Tagged: Clay Buchholtz

Don’t Say Mid-Market Like It’s A Bad Thing

Theo Epstein spoke today, and like all times when Theo has something to say, it’s generated some buzz.

“A million here, a million there, that’s what we can afford.  We’re not in position to throw around hundreds of millions of dollars in free agency. But if we can do it in that (international free agency) market, we might as well try to monopolize it as best we can.”

That line from Theo has started the “mid-market” talk among fans and media, alike.  Patrick Mooney put out a great piece which explicitly called the Cubs just that.  Then again, knowing the Cubs’ history of flushing money down the crapper and how the landscape of baseball is changing with the new labor agreement, is that such a bad thing?

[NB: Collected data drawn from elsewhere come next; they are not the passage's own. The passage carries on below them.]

(* Let $P$ be a priority forest on $[n]_0$ with $m$ edges, and let $C$ be a maximal chain of $[\hat0,P]$ with Jordan–Hölder permutation $\lambda(C)$. Then $F_C(P)$, the ordered forest obtained from $P$ by relabeling each non-root vertex $v$ by $\lambda(C)^{-1}(v)$ and marking the root of the $k$-th component tree by $\circ_k$ (with $\circ_0=\circ$), is the unique ordered forest with priority traversal $\lambda(C)^{-1}$ and priority forest $P$.
   Context: $[n]=\{1,\dots,n\}$, $[n]_0=\{0,\dots,n\}$. A priority forest on $[n]_0$ is a rooted forest with vertex set $[n]_0$ whose component trees $T_0,T_1,\dots$ are increasing (each non-root vertex has a larger label than its parent) and satisfy: for $j<k$ every label of $T_j$ is smaller than every label of $T_k$. $\Pi(n)$ is the poset of priority forests on $[n]_0$ ordered by inclusion of edge sets, with an extra top element; $\hat0$ is the edgeless forest. For priority forests $Q\lessdot Q'$ (one edge added), $\lambda(Q,Q')$ is the larger endpoint of the edge in $E(Q')\setminus E(Q)$. A maximal chain $C:\hat0=P_0\lessdot\cdots\lessdot P_m=P$ has Jordan–Hölder permutation $\lambda(C):[m]\to[n]$, $i\mapsto\lambda(P_{i-1},P_i)$, which is injective; $\lambda(C)^{-1}:[n]\to[m]$ is the partial permutation defined on its image. An ordered $(m,n)$-forest is a rooted forest with $n+1$ nodes and $m$ edges whose component trees $T_0,\dots,T_{n-m}$ are totally ordered, with unlabeled roots marked $\circ,\circ_1,\dots,\circ_{n-m}$, and non-root vertices labeled bijectively by $[m]$. Priority search: initially only the children of $\circ$ are unblocked; at each step visit the unblocked unvisited node with the smallest label and unblock its children; when a tree is exhausted, move to the next tree, visit its root and unblock its children. Steps are numbered $1,\dots,n$ (the visit of $\circ$ is not counted). The priority traversal is the partial permutation $[n]\to[m]$ sending step $i$ to the label of the node visited at step $i$, undefined when that node is a root. The priority forest is obtained by relabeling each node by its visiting step, with $\circ$ labeled $0$. *)

From mathcomp Require Import all_boot.
Set Implicit Arguments. Unset Strict Implicit. Unset Printing Implicit Defensive.

(* Priority forests on [n]_0 = {0,...,n}, encoded by a parent function. *)
(* P v = Some p  means that (p, v) is an edge with p the parent of v;  *)
(* P v = None    means that v is a root.                               *)
Definition Forest (n : nat) := {ffun 'I_n.+1 -> option 'I_n.+1}.

Section PriorityForests.
Variable n : nat.
Implicit Types P Q : Forest n.

Definition edges P : {set 'I_n.+1 * 'I_n.+1} := [set e | P e.2 == Some e.1].

Definition up P (v : 'I_n.+1) : 'I_n.+1 := odflt v (P v).
Definition rootF P (v : 'I_n.+1) : 'I_n.+1 := iter n (up P) v.

Definition priority_forest P : Prop :=
  (forall (v p : 'I_n.+1), P v = Some p -> p < v) /\
  (forall u v : 'I_n.+1, rootF P u < rootF P v -> u < v).

Definition edgeless : Forest n := [ffun _ => None].

Definition covers Q Q' : bool :=
  (edges Q \subset edges Q') && (#|edges Q' :\: edges Q| == 1).

Definition jh_label Q Q' : nat :=
  if [pick e in edges Q' :\: edges Q] is Some e then maxn e.1 e.2 else 0.

Definition max_chain (P : Forest n) (m : nat) (C : nat -> Forest n) : Prop :=
  [/\ C 0 = edgeless, C m = P,
      (forall i, i <= m -> priority_forest (C i)) &
      (forall i, i < m -> covers (C i) (C i.+1))].

Definition lam (C : nat -> Forest n) (i : nat) : nat := jh_label (C i.-1) (C i).

Definition lamInv (C : nat -> Forest n) (m : nat) (v : nat) : option nat :=
  omap (fun i : 'I_m => i.+1) [pick i : 'I_m | lam C i.+1 == v].

End PriorityForests.

(* Nodes: roots  inl k  (k : 'I_(n-m).+1), marked o_k (o_0 = o), the   *)
(* order of the trees being the order of k; non-root nodes  inr j       *)
(* (j : 'I_m), carrying the label j+1 in [m].                           *)
(* An ordered forest is given by the parent of each non-root node.      *)
Definition onode (n m : nat) := ('I_(n - m).+1 + 'I_m)%type.
Definition OForest (n m : nat) := {ffun 'I_m -> onode n m}.

Section OrderedForests.
Variables n m : nat.
Implicit Types F : OForest n m.

Definition oup F (x : onode n m) : onode n m :=
  match x with inl k => inl k | inr j => F j end.

(* acyclicity: every non-root node reaches a root *)
Definition ordered_forest F : Prop :=
  forall j : 'I_m, exists k, iter m (oup F) (inr j) = inl k.

Definition ochildren F (x : onode n m) : seq 'I_m :=
  [seq j <- enum 'I_m | F j == x].

Definition minlab (x : 'I_m) (s : seq 'I_m) : 'I_m :=
  foldr (fun a b => if val a < val b then a else b) x s.

(* priority search inside one tree: [frontier] is the list of unblocked
   unvisited nodes; visit the smallest label, unblock its children *)
Fixpoint psearch F (fuel : nat) (frontier : seq 'I_m) : seq 'I_m :=
  match fuel with
  | 0 => [::]
  | fuel'.+1 =>
    match frontier with
    | [::] => [::]
    | x :: s => let y := minlab x s in
                y :: psearch F fuel' (rem y frontier ++ ochildren F (inr y))
    end
  end.

(* full visiting sequence: for each tree in order, its root followed by the
   priority search of the tree; index 0 is the visit of o (not a step),
   index i (1 <= i <= n) is step i *)
Definition visit_seq F : seq (onode n m) :=
  flatten [seq inl k :: map inr (psearch F m (ochildren F (inl k)))
          | k <- enum 'I_(n - m).+1].

Definition traversal F (i : nat) : option nat :=
  match nth (inl ord0) (visit_seq F) i with
  | inr j => Some j.+1
  | inl _ => None
  end.

Definition step F (x : onode n m) : 'I_n.+1 := inord (index x (visit_seq F)).

Definition oprio F : Forest n :=
  [ffun v : 'I_n.+1 =>
     match nth (inl ord0) (visit_seq F) v with
     | inr j => Some (step F (F j))
     | inl _ => None
     end].

End OrderedForests.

At the risk of repeating myself, the way the Cubs are going about their business is the best way to do it.  Free agency is not going to produce a team that goes from the bottom of the division to the top after just one winter, like the Cubs managed to do between the 2006 and 2007 seasons.  There are no quick fixes.  So spending “a million here, a million there” on international free agents and by acquiring a load of talent to retool from within is the last best option.  Minor league talent is currency.  Teams can develop and field that talent when it reaches the point major league ready (unlike the Cubs have…see Patterson, Corey; Pie, Felix) , or they can use it to acquire established players…which is the “new free agency.”  Teams who are selling off veterans like the Cubs have the last couple of seasons are essentially teams of free agents who can be had if the price is right.

Drafting and development hasn’t been a strength of the Cubs in the past.  Bleacher Nation had a piece yesterday that should make the former front office want to huddle in a corner and cry.  You think the team we’re watching is bad?  Take a look at that roster.  It makes me cringe.  The good news is, the article BN referenced is linked, showing all 30 teams…including the Red Sox, which was led by Theo Epstein.  In a weird, mid-market sort of way, a number of the major pieces of what made the Red Sox good over the second half of his tenure were homegrown…like Dustin Pedroia, Jacoby Ellsbury, Clay Buchholtz, and Jonathan Papelbon while players like Hanley Ramirez and Anibal Sanchez were used as currency to obtain other useful parts.

The era of big market supremacy has passed.  In all reality, it never really existed.  Even the Yankees in the ’90s were mostly homegrown with some complimentary free agents sprinkled in.  It is time to embrace the “mid-market” philosophy of spending wisely and developing players…because it works.